I would not take it personally...........I know, it is hard not to. But the truth is, you really don't know all that is going on with her life. She may be involved with some one and not telling you................could be lots of different things.

You have done your part, you have contacted her ..........now the ball is in her court. If she does contact you and you notice the same trend.......beware, something is up.

In the mean time, ............keep looking.

Good luck to you!

  • Author
Posted

Hi Sapphire,

 

Thanks for your input. So you think it's best to just move on because I've last tried to make contact with nothing in return? I do feel I've done my part, I just can't wonder if my anxiousness might have played a role? I thought it was normal to show interest if both seemed interested in one another? All the clues/indications she gave me were all so very positive. :) I'm really disappointed, and can't stop thinking about what I could've, should've done. :( You don't think it a good idea to call and leave one last message on her cell phone or send her the lengthy email explaining things or is it a waste of time/effort and I'd look clingy/needy etc?

 

Thanks,

 

DJ

Posted

I would not contact her again.

I had a similar experience with online dating, met someone, had a good time, continued e mailing (he never called which I thought was weird) but anyway, his last e mail was "don't give up on me" blah blah blah........that was sometime in July. I have not heard from him since..........and I have not tried to contact him.

I think it is normal to display interest, and I find it rude of people not to reply to messages once you have met and established that there is some kind of connection, even if it is a day or so later..........I know things happen and come up that would delay a response, ...........but 5 days?? I would at least make a quick note that I could not elaborate, but would get back soon...................That is just me though.

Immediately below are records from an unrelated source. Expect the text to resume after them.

Lemma critical_point_gap (C : numClosedFieldType) (f : {poly C})
    (t u w0 : C) :
  simple_roots f -> is_tau f t -> root f w0 ->
  forall v, root f^`() v -> t - `|u - w0| <= `|u - v|.
Proof.
move=> simple [_ tau_min] root_w0 v root_v.
have v_neq : v != w0.
  by apply: contraTneq root_v => ->; exact: simple.
rewrite lerBlDl; apply: le_trans (tau_min _ _ root_w0 root_v v_neq) _.
by rewrite (distrC u w0) ler_distD.
Qed.

Lemma bigmax_nonneg_ub (R : numDomainType) (I : eqType) (r : seq I)
    (F : I -> R) :
  (forall k, 0 <= F k) ->
  0 <= \big[Order.max/0]_(k <- r) F k /\
  forall k, k \in r -> F k <= \big[Order.max/0]_(k <- r) F k.
Proof.
move=> F_ge0; elim: r => [|x r [IH_ge0 IH_ub]]; first by rewrite big_nil.
rewrite big_cons.
have cmp : (F x >=< \big[Order.max/0]_(k <- r) F k)%O.
  by apply: real_comparable; apply: ger0_real.
split; first by rewrite comparable_le_max // F_ge0.
move=> k; rewrite inE => /orP [/eqP ->|kr].
  by rewrite comparable_le_max // lexx.
by rewrite comparable_le_max // IH_ub ?orbT.
Qed.

Definition gamma_max (C : numClosedFieldType) (n : nat) (alpha : C) : C :=
  \big[Order.max/0]_(2 <= k < n.+1) (`|alpha| ^+ k * (1 - (k%:R)^-1)).

Lemma gammaE (C : numClosedFieldType) (n : nat) (alpha : C) :
  let A := `|alpha| * (n.-1)%:R + 1 in
  gamma n alpha = n%:R * gamma_max n alpha * (2 * A * (((A + 1) / A) ^+ n.-1 - 1)).
Proof. by rewrite /gamma /gamma_max /=; ring. Qed.

Lemma gamma_max_ub (C : numClosedFieldType) (n : nat) (alpha : C) :
  0 <= gamma_max n alpha /\
  forall k, (2 <= k <= n)%N -> `|alpha| ^+ k * (1 - k%:R^-1) <= gamma_max n alpha.
Proof.
have weight_ge0 (k : nat) : 0 <= `|alpha| ^+ k * (1 - (k%:R)^-1).
  rewrite mulr_ge0 ?exprn_ge0 //; case: k => [|k]; first by rewrite invr0 subr0.
  by rewrite subr_ge0 invf_le1 ?ltr0Sn // ler1n.
have [M_ge0 M_ub] := bigmax_nonneg_ub (index_iota 2 n.+1) weight_ge0.
by split => // k k_range; apply: M_ub; rewrite mem_index_iota ltnS.
Qed.

Lemma tau_gap_gt0 (R : numDomainType) (N : nat) (a t dl : R) :
  0 <= a -> 2 * a * N%:R + 1 < t -> dl <= N%:R * a -> 0 < t - dl.
Proof.
move=> a_ge0 t_gt dl_le; rewrite subr_gt0; apply: le_lt_trans t_gt.
rewrite (_ : 2 * a * N%:R + 1 = N%:R * a + (N%:R * a + 1)); last by ring.
by apply: le_trans dl_le _; rewrite lerDl addr_ge0 ?mulr_ge0.
Qed.

Lemma binomial_tail_bound (R : numFieldType) (N : nat) (a t r : R) :
  0 <= a -> 2 * a * N%:R + 1 < t -> t - N%:R * a <= r ->
  t * ((r^-1 + 1) ^+ N - 1) <=
    2 * (a * N%:R + 1) * ((((a * N%:R + 1) + 1) / (a * N%:R + 1)) ^+ N - 1).
Proof.
move=> a_ge0 t_gt r_ge; set A := a * N%:R + 1.
have A_ge1 : 1 <= A by rewrite lerDr mulr_ge0.
have A_gt0 : 0 < A by apply: lt_le_trans A_ge1.
have A_le_r : A <= r.
  apply: le_trans r_ge; rewrite lerBrDr; apply: ltW; apply: le_lt_trans t_gt.
  by rewrite /A [N%:R * a]mulrC addrAC -mulr2n -mulrA mulr_natl.
have r_gt0 : 0 < r by apply: lt_le_trans A_le_r.
have t_le : t <= 2 * r.
  apply: le_trans (ler_wpM2l (ler0n _ 2) r_ge).
  rewrite mulrBr lerBrDr (mulr_natl t 2) mulr2n lerD2l.
  apply: ltW; apply: le_lt_trans t_gt.
  by rewrite ler_wpDr // -mulrA [N%:R * a]mulrC.
have -> : (A + 1) / A = A^-1 + 1 by rewrite mulrDl divff ?gt_eqF // mul1r addrC.
rewrite !exprD1n_sub1 !mulr_sumr; apply: ler_sum => i _.
set c : R := ('C(N, i.+1))%:R.
apply: le_trans (ler_wpM2r _ t_le) _.
  by rewrite mulr_ge0 ?ler0n ?exprn_ge0 ?invr_ge0 ?ltW.
have cancel_one (y : R) : y != 0 ->
    2 * y * (c * y^-1 ^+ i.+1) = 2 * c * y^-1 ^+ i.
  by move=> y_neq0; rewrite exprS [c * _]mulrCA -mulrA mulVKf // mulrA.
rewrite !cancel_one ?gt_eqF // ler_wpM2l ?mulr_ge0 ?ler0n // !exprVn.
by rewrite lef_pV2 ?posrE ?exprn_gt0 // lerXn2r // nnegrE ltW.
Qed.

Lemma gamma_ge0 (C : numClosedFieldType) (n : nat) (alpha : C) :
  0 <= gamma n alpha.
Proof.
have [M_ge0 _] := gamma_max_ub n alpha.
have A_gt0 : 0 < `|alpha| * (n.-1)%:R + 1 by rewrite ltr_wpDl ?mulr_ge0.
rewrite gammaE; apply: mulr_ge0; first by rewrite mulr_ge0.
rewrite !mulr_ge0 ?ler0n ?(ltW A_gt0) // subr_ge0 exprn_ege1 //.
by rewrite ler_pdivlMr // mul1r lerDl.
Qed.

Lemma distance_le_gamma (C : numClosedFieldType) (n d : nat) (alpha t dl : C) :
  2 * `|alpha| * (n.-1)%:R + 1 < t -> dl <= (n.-1)%:R * `|alpha| ->
  dl <= d%:R * (gamma_max n alpha * (((t - dl)^-1 + 1) ^+ n.-1 - 1)) ->
  (d <= n)%N -> dl <= gamma n alpha / t.
Proof.
move=> t_gt dl_le dist_le d_le_n.
have a_ge0 : 0 <= `|alpha| := normr_ge0 alpha.
have rho_gt0 := tau_gap_gt0 a_ge0 t_gt dl_le.
have t_gt0 : 0 < t by apply: lt_trans t_gt; rewrite ltr_wpDl ?mulr_ge0.
have [M_ge0 _] := gamma_max_ub n alpha.
have tail_le := binomial_tail_bound a_ge0 t_gt (lerB (lexx t) dl_le).
set S := (_^-1 + 1) ^+ _ - 1 in dist_le tail_le.
have S_ge0 : 0 <= S by rewrite subr_ge0 exprn_ege1 // lerDr invr_ge0 ltW.
rewrite ler_pdivlMr // gammaE; apply: le_trans (ler_wpM2r (ltW t_gt0) dist_le) _.
rewrite (_ : _ * (_ * S) * t = d%:R * gamma_max n alpha * (t * S)); last by ring.
apply: le_trans (ler_wpM2l _ tail_le); last by rewrite mulr_ge0.
by rewrite ler_wpM2r ?mulr_ge0 ?(ltW t_gt0) // ler_wpM2r // ler_nat.
Qed.

Theorem corollary3p3 (C : numClosedFieldType) (n : nat) (alpha : C)
  (f : {poly C}) (t : C) :
  (2 <= n)%N ->
  (size f <= n.+1)%N ->
  (3 <= size f)%N ->
  simple_roots f ->
  is_tau f t ->
  2 * `|alpha| * (n.-1)%:R + 1 < t ->
  forall z, root (Top alpha f) z ->
    exists w, root f w /\ `|z - (- alpha + w)| <= gamma n alpha / t.
Proof.
move=> n_ge2 szf szf_ge3 simple tau t_gt z Tz.
set u := z + alpha; have z_eq : z = u - alpha by rewrite addrK.
rewrite z_eq in Tz *.
have [w0 root_w0 nearest] := exists_nearest_root u (ltnW szf_ge3).
exists w0; split => //.
rewrite (_ : u - alpha - (- alpha + w0) = u - w0); last by ring.
have := normr_ge0 (u - w0); rewrite le0r => /orP [/eqP -> | dl_gt0].
  by rewrite divr_ge0 ?gamma_ge0 // ltW // (lt_trans _ t_gt) // ltr_wpDl ?mulr_ge0.
have dl_le : `|u - w0| <= (n.-1)%:R * `|alpha|.
  apply: le_trans (root_free_radius_bound dl_gt0 nearest Tz) _.
  by rewrite ler_wpM2r // ler_nat; move: szf; set sf := size f; lia.
have [M_ge0 M_ub] := gamma_max_ub n alpha.
apply: (distance_le_gamma t_gt dl_le).
  apply: (root_distance_via_critical (ltnW n_ge2) szf M_ge0 M_ub dl_gt0 nearest
    _ (critical_point_gap u simple tau root_w0) Tz).
  exact: (tau_gap_gt0 (normr_ge0 _) t_gt dl_le).
by move: szf; set sf := size f; lia.
Qed.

I think if she was interested and available, she would have contacted you.........soon after your message.

  • Author
Posted

Sapphire,

 

What you say sounds right in my head but wrong in my heart. I'm unable to grasp the two kisses and hand-holding positive signs only to ignore me. That seems cruel to me; perhaps I leave my heart to open and vulnerable for hurt such as that.

 

I agree with you about the 5 days, at least jot a line or two saying I'll get back to you a week from this Thursday or something like that. I suppose I'll never know what truly happened. Thank-you for taking the time to give me some input.

 

DJ

 

C'MON NOW, I'D APPRECIATE SOME SUGGESTIONS FROM THE REST OF THE GALLERY HERE. :D

Posted

Actions speak louder than words. It sounds like she was caught up in the exitement of the moment, but now she has cooled off. DON'T CHASE !!

 

IMO sending a poem to somone is a bit much after the first date. You souind like a really sweet guy, but my guess is you came across a tad " needy" and thats always a turn off.

 

whether with her, or somone else, match their pace of contact. You call once to set something up. If they are busy, just say " let me know when your free" and step back. If they don't return your call or e-mail, they're just not that interested.

 

Sorry you had a bad experience, better luck next go round !

  • Author
Posted

Hi Melody,

 

Me thinks your pretty much right on que here. I didn't really want to learn from my "mistakes" with her, I'd rather be seeing her, but I'd also rather not repeat the same mistakes. I like and agree with your advice about matching their pace. I was on my own pace and she wasn't keeping up. Ouch, I guess that's what I get.

 

Yep, agreed. I'll save my poetry for much later on in the dates/relationship. Who knew? I sure didn't, I was clueless there. I was going for "wow, he must really like me to write me a poem." :)

 

As far as the "needy", hate to say it but maybe a kernel of truth to that. But, why not simply give the guy (me) another chance? Perhaps it was just the excitement of the moment. Darn, I really liked this woman!!!